Il commença à imaginer le minitalisman de Lot. Un grand diorama représentant le prophète s'éloignant de la pécheresse Sodome, embrasée par des flammes jaunes qui s'élèvent vers le ciel. Et pour sa femme, une petite ampoule au néon plantée verticalement dans le sol. Une belle touche moderniste. Voici le sens de cette histoire : les anges avaient averti Lot et sa famille de ne pas regarder en arrière, vers la ville embrasée par la colère d'Allah, mais malgré l'avertissement, sa femme s'est retournée et la vue de sa ville en flammes l'a peinée. Elle s'est affligée et a senti qu'une injustice s'était abattue sur les habitants de la ville. Pour ce sentiment tout à fait humain, Allah s'est mis en colère contre elle et l'a punie en la transformant en colonne en sel. Un tube de néon.
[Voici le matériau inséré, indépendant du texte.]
(* S(ab) = S(a_(1) b) a_(2) S(a_(3)) = S(a_(1) b_(1)) a_(2) b_(2) S(b_(3)) S(a_(3))
        = e(a_(1) b_(1)) S(b_(2)) S(a_(2)) = S(b) S(a) *)
Lemma antipodeM a b : S (a * b) = S b * S a.
Proof.
have linSl d : linear (fun x => S x * d) := lin_comp (lin_mulr d) antipode_linear.
have linSr c : linear (fun x => c * S x) := lin_comp (lin_mull c) antipode_linear.
have bilSb : bilin (fun x y => S (x * b) * y).
  apply: bilin_of_lin => [y|x]; last exact: lin_mull.
  exact: lin_comp (linSl y) (lin_mulr b).
have bilS c d u : bilin (fun x y => S (c * x) * (d * (y * u))).
  apply: bilin_of_lin => [y|x]; first exact: lin_comp (linSl _) (lin_mull c).
  exact: lin_comp (lin_mull _) (lin_comp (lin_mull d) (lin_mulr u)).
transitivity (\sum_(p <- D a) \sum_(q <- D p.1) \sum_(p' <- D b) \sum_(q' <- D p'.1)
    S (q.1 * q'.1) * (q.2 * q'.2) * (S p'.2 * S p.2)).
  rewrite -[LHS]mulr1 -(sum_coassoc_antipoder a bilSb).
  apply: eq_bigr => p _; apply: eq_bigr => q _.
  rewrite -{1}[S p.2]mul1r -(sum_coassoc_antipoder b (bilS q.1 q.2 (S p.2))).
  by apply: eq_bigr => p' _; apply: eq_bigr => q' _; rewrite !mulrA.
rewrite -(sum_counitl a (linSr (S b))); apply: eq_bigr => p _.
rewrite exchange_big /= -(sum_counitl b (linSl (S p.2))) scaler_sumr.
apply: eq_bigr => p' _.
have bilX : bilin (fun x y => S x * y * (S p'.2 * S p.2)).
  apply: bilin_of_lin => [y|x]; first exact: lin_comp (lin_mulr _) (linSl y).
  exact: lin_comp (lin_mulr _) (lin_mull _).
by rewrite -(cop_sumM _ _ bilX) (sum_antipodel _ (lin_mulr _)) eps_mul mul1r scalerA.
Qed.

End HopfAlgebra.

Section Quasitriangular.
Variables (k : fieldType) (H : algType k) (HH : hopf H) (Q : quasitriangular HH).
Local Notation e := (eps HH).
Local Notation R := (Rm Q).

Lemma bilin_eps_mull (c : H) : bilin (fun x y : H => e x *: (c * y)).
Proof.
apply: bilin_of_lin => [y|x]; first exact: lin_eps_scale.
exact: lin_scale (lin_mull c).
Qed.

(* [eps (x) id (x) id] applied to [(Delta (x) id)(R) = R13 R23] gives [R = (1 (x) u) R]. *)
Lemma Rm_mul_counit (U : lmodType k) (B : H -> H -> U) : bilin B ->
  \sum_(r <- R) B r.1 r.2 = \sum_(r <- R) B r.1 ((\sum_(r' <- R) e r'.1 *: r'.2) * r.2).
Proof.
move=> hB; have hC : trilin (fun x y z => e x *: B y z).
  apply: trilin_of_lin => [y z|x z|x y]; first exact: lin_eps_scale.
    exact: lin_scale (bilin_linl _ hB).
  exact: lin_scale (bilin_linr _ hB).
have := R_copl Q hC; rewrite /tmul3 !big_allpairs_dep big_map /=.
under [RHS]eq_bigr do rewrite big_map /=.
rewrite exchange_big /= => E.
transitivity (\sum_(r <- R) \sum_(q <- cop HH r.1) e q.1 *: B q.2 r.2).
  by apply: eq_bigr => r _; rewrite (sum_counitl _ _ (bilin_linl r.2 hB)).
rewrite E; apply: eq_bigr => r _.
rewrite mulr_suml (lin_sum _ _ (bilin_linr r.1 hB)); apply: eq_bigr => r' _.
by rewrite mulr1 mul1r -scalerAl (linZ (bilin_linr _ hB)).
Qed.

Lemma Rm_counit : \sum_(r <- R) e r.1 *: r.2 = 1.
Proof.
set u := \sum_(r <- R) _.
have hB : bilin (fun x y => \sum_(q <- Rinv Q) e (x * q.1) *: (y * q.2)).
  apply: bilin_sum => q; apply: bilin_of_lin => [y|x].
    exact: lin_comp (lin_eps_scale _ _) (lin_mulr _).
  exact: lin_scale (lin_mulr _).
have := Rm_mul_counit hB.
have := R_invl Q (bilin_eps_mull 1); rewrite big_allpairs_dep big_seq1 /=.
under eq_bigr do under eq_bigr do rewrite mul1r.
move=> ->; rewrite eps_one scale1r mulr1.
have := R_invl Q (bilin_eps_mull u); rewrite big_allpairs_dep big_seq1 /=.
under eq_bigr do under eq_bigr do rewrite mulrA.
by move=> ->; rewrite eps_one scale1r mulr1.
Qed.

Lemma Rinv_counit : \sum_(r <- Rinv Q) e r.1 *: r.2 = 1.
Proof.
have := R_invr Q (bilin_eps_mull 1); rewrite big_allpairs_dep big_seq1 /=.
under eq_bigr do under eq_bigr do rewrite mul1r.
rewrite eps_one scale1r mulr1 => <-.
rewrite -[LHS]mulr1 -Rm_counit mulr_suml; apply: eq_bigr => q _.
rewrite mulr_sumr; apply: eq_bigr => r _.
by rewrite eps_mul -scalerAl -scalerAr scalerA.
Qed.

End Quasitriangular.

Section Twist.
Variables (k : fieldType) (H K : algType k) (HH : hopf H) (pi : H -> K).
Hypotheses (pi_lin : linear pi) (piM : forall a b, pi (a * b) = pi a * pi b)
  (pi1 : pi 1 = 1).
Local Notation D := (cop HH).
Local Notation e := (eps HH).
Local Notation S := (antipode HH).

Definition adpi (a : H) (y : K) : K := \sum_(w <- D a) pi w.1 * y * pi (S w.2).

Definition twist (L : seq (H * H)) (s : seq (H * K)) : seq (H * K) :=
  [seq (p.1 * S r.2, adpi r.1 p.2) | p <- s, r <- L].

Lemma adpi_linr a : linear (adpi a).
Proof.
apply: lin_sumf => w c y y'.
by rewrite mulrDr mulrDl -scalerAr -scalerAl.
Qed.

Lemma bilin_adpi y : bilin (fun u v => pi u * y * pi (S v)).
Proof.
apply: bilin_of_lin => [v|u].
  exact: lin_comp (lin_mulr (pi (S v))) (lin_comp (lin_mulr y) pi_lin).
exact: lin_comp (lin_mull (pi u * y)) (lin_comp pi_lin (antipode_linear HH)).
Qed.

Lemma adpi_linl y : linear (adpi^~ y).
Proof. by rewrite /adpi; apply: cop_sum_linear (bilin_adpi y). Qed.

Lemma adpi1 y : adpi 1 y = y.
Proof. by rewrite /adpi (cop_sum1 HH (bilin_adpi y)) antipode1 pi1 mul1r mulr1. Qed.

Lemma adpiM a b y : adpi (a * b) y = adpi a (adpi b y).
Proof.
rewrite /adpi (cop_sumM HH _ _ (bilin_adpi y)); apply: eq_bigr => p _.
rewrite mulr_sumr mulr_suml; apply: eq_bigr => q _.
by rewrite antipodeM !piM !mulrA.
Qed.

Lemma adpi_unit a : adpi a 1 = e a *: 1.
Proof.
transitivity (pi (\sum_(w <- D a) w.1 * S w.2)).
  by rewrite /adpi (lin_sum _ _ pi_lin); apply: eq_bigr => w _; rewrite mulr1 piM.
by rewrite antipoder (linZ pi_lin) pi1.
Qed.

Lemma pi_adj a x : pi (adj HH a x) = adpi a (pi x).
Proof. by rewrite /adj (lin_sum _ _ pi_lin); apply: eq_bigr => w _; rewrite !piM. Qed.

Lemma sum_twist (U : nmodType) (F : H * K -> U) L s :
  \sum_(p <- twist L s) F p = \sum_(p <- s) \sum_(r <- L) F (p.1 * S r.2, adpi r.1 p.2).
Proof. exact: big_allpairs_dep. Qed.

Lemma twist_teq2 L s t : teq2 s t -> teq2 (twist L s) (twist L t).
Proof.
move=> st U B hB; rewrite !sum_twist /=.
apply: (st _ (fun x y => \sum_(r <- L) B (x * S r.2) (adpi r.1 y))).
apply: bilin_sum => r; apply: bilin_of_lin => [y|x].
  exact: lin_comp (bilin_linl _ hB) (lin_mulr _).
exact: lin_comp (bilin_linr _ hB) (adpi_linr _).
Qed.

Lemma twist_unit L h :
  \sum_(r <- L) e r.1 *: r.2 = 1 -> teq2 (twist L [:: (h, 1)]) [:: (h, 1)].
Proof.
move=> counitL U B hB; rewrite sum_twist !big_seq1 /=.
have linB : linear (fun x => B (h * S x) 1).
  exact: lin_comp (bilin_linl _ hB) (lin_comp (lin_mull h) (antipode_linear HH)).
rewrite -[in RHS](mulr1 h) -(antipode1 HH) -counitL (lin_sum _ _ linB).
by apply: eq_bigr => r _; rewrite adpi_unit (linZ linB) (linZ (bilin_linr _ hB)).
Qed.

(* [twist L] is inverted by [twist L'] when [L' L = 1 (x) 1]: the two twists combine
   through [S (q_2 r_2) = S r_2 S q_2] and [adpi (q_1 r_1) = adpi q_1 \o adpi r_1]. *)
Lemma twistK L L' s :
  teq2 (tmul2 L' L) [:: (1, 1)] -> teq2 (twist L' (twist L s)) s.
Proof.
move=> invL U B hB; rewrite !sum_twist; apply: eq_bigr => p _ /=.
have hPhi : bilin (fun a c => B (p.1 * S c) (adpi a p.2)).
  apply: bilin_of_lin => [c|a]; first exact: lin_comp (bilin_linr _ hB) (adpi_linl _).
  exact: lin_comp (bilin_linl _ hB) (lin_comp (lin_mull _) (antipode_linear HH)).
have := invL _ _ hPhi; rewrite big_allpairs_dep big_seq1 /= (antipode1 HH) mulr1 adpi1.
move=> <-; rewrite exchange_big; apply: eq_bigr => q _; apply: eq_bigr => r _.
by rewrite antipodeM mulrA adpiM.
Qed.

Lemma id_pi_tcop (Q : quasitriangular HH) h :
  id_pi pi (tcop Q h) = twist (Rm Q) (id_pi pi (D h)).
Proof.
rewrite /id_pi /tcop /twist map_allpairs allpairs_mapl.
by apply: eq_allpairs => q r; rewrite pi_adj.
Qed.

End Twist.

Theorem mainTheorem2 (k : fieldType) (H K : algType k)
  (HH : hopf H) (HK : hopf K) (Q : quasitriangular HH) (pi : H -> K) :
  hopf_map HH HK pi ->
  (forall y : K, exists x : H, pi x = y) ->
  forall h : H,
    teq2 (id_pi pi (tcop Q h)) [:: (h, 1 : K)] <->
    teq2 (id_pi pi (cop HH h)) [:: (h, 1 : K)].
Proof.
(* only the algebra-map part of [hopf_map] is needed, and pi need not be onto *)
move=> [pi_lin piM pi1 _ _] _ h; rewrite (id_pi_tcop pi_lin piM).
have unitR := twist_unit pi_lin piM pi1 h (Rm_counit Q).
have unitRinv := twist_unit pi_lin piM pi1 h (Rinv_counit Q).
split=> [coinvT | coinv].
  apply: teq2_trans (teq2_sym (twistK HH pi_lin piM pi1 _ (R_invr Q))) _.
  exact: teq2_trans (twist_teq2 HH pi (Rinv Q) coinvT) unitRinv.
exact: teq2_trans (twist_teq2 HH pi (Rm Q) coinv) unitR.
Qed.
Une heure plus tard, alors que l'électricité était revenue, Noah était resté assis dans le salon à l'arrière de la villa, les yeux rivés sur l'écran. Sans prêter attention aux couleurs et sons qui provenaient de la boîte lumineuse, il planifiait d'autres scènes tirées des livres saints. Il imaginait tous les prophètes sous forme de figures sculptées sur la grande table du salon où il était assis, classés par ordre chronologique. Il imaginait l'histoire entière du Coran et de la Torah sur la table, puis il s'imaginait balayant la pièce d' argile, des fragments de bois et de la peinture, peignant les murs en blanc, et invitant ses amis - tous les artistes d'Égypte - à considérer son extraordinaire talent.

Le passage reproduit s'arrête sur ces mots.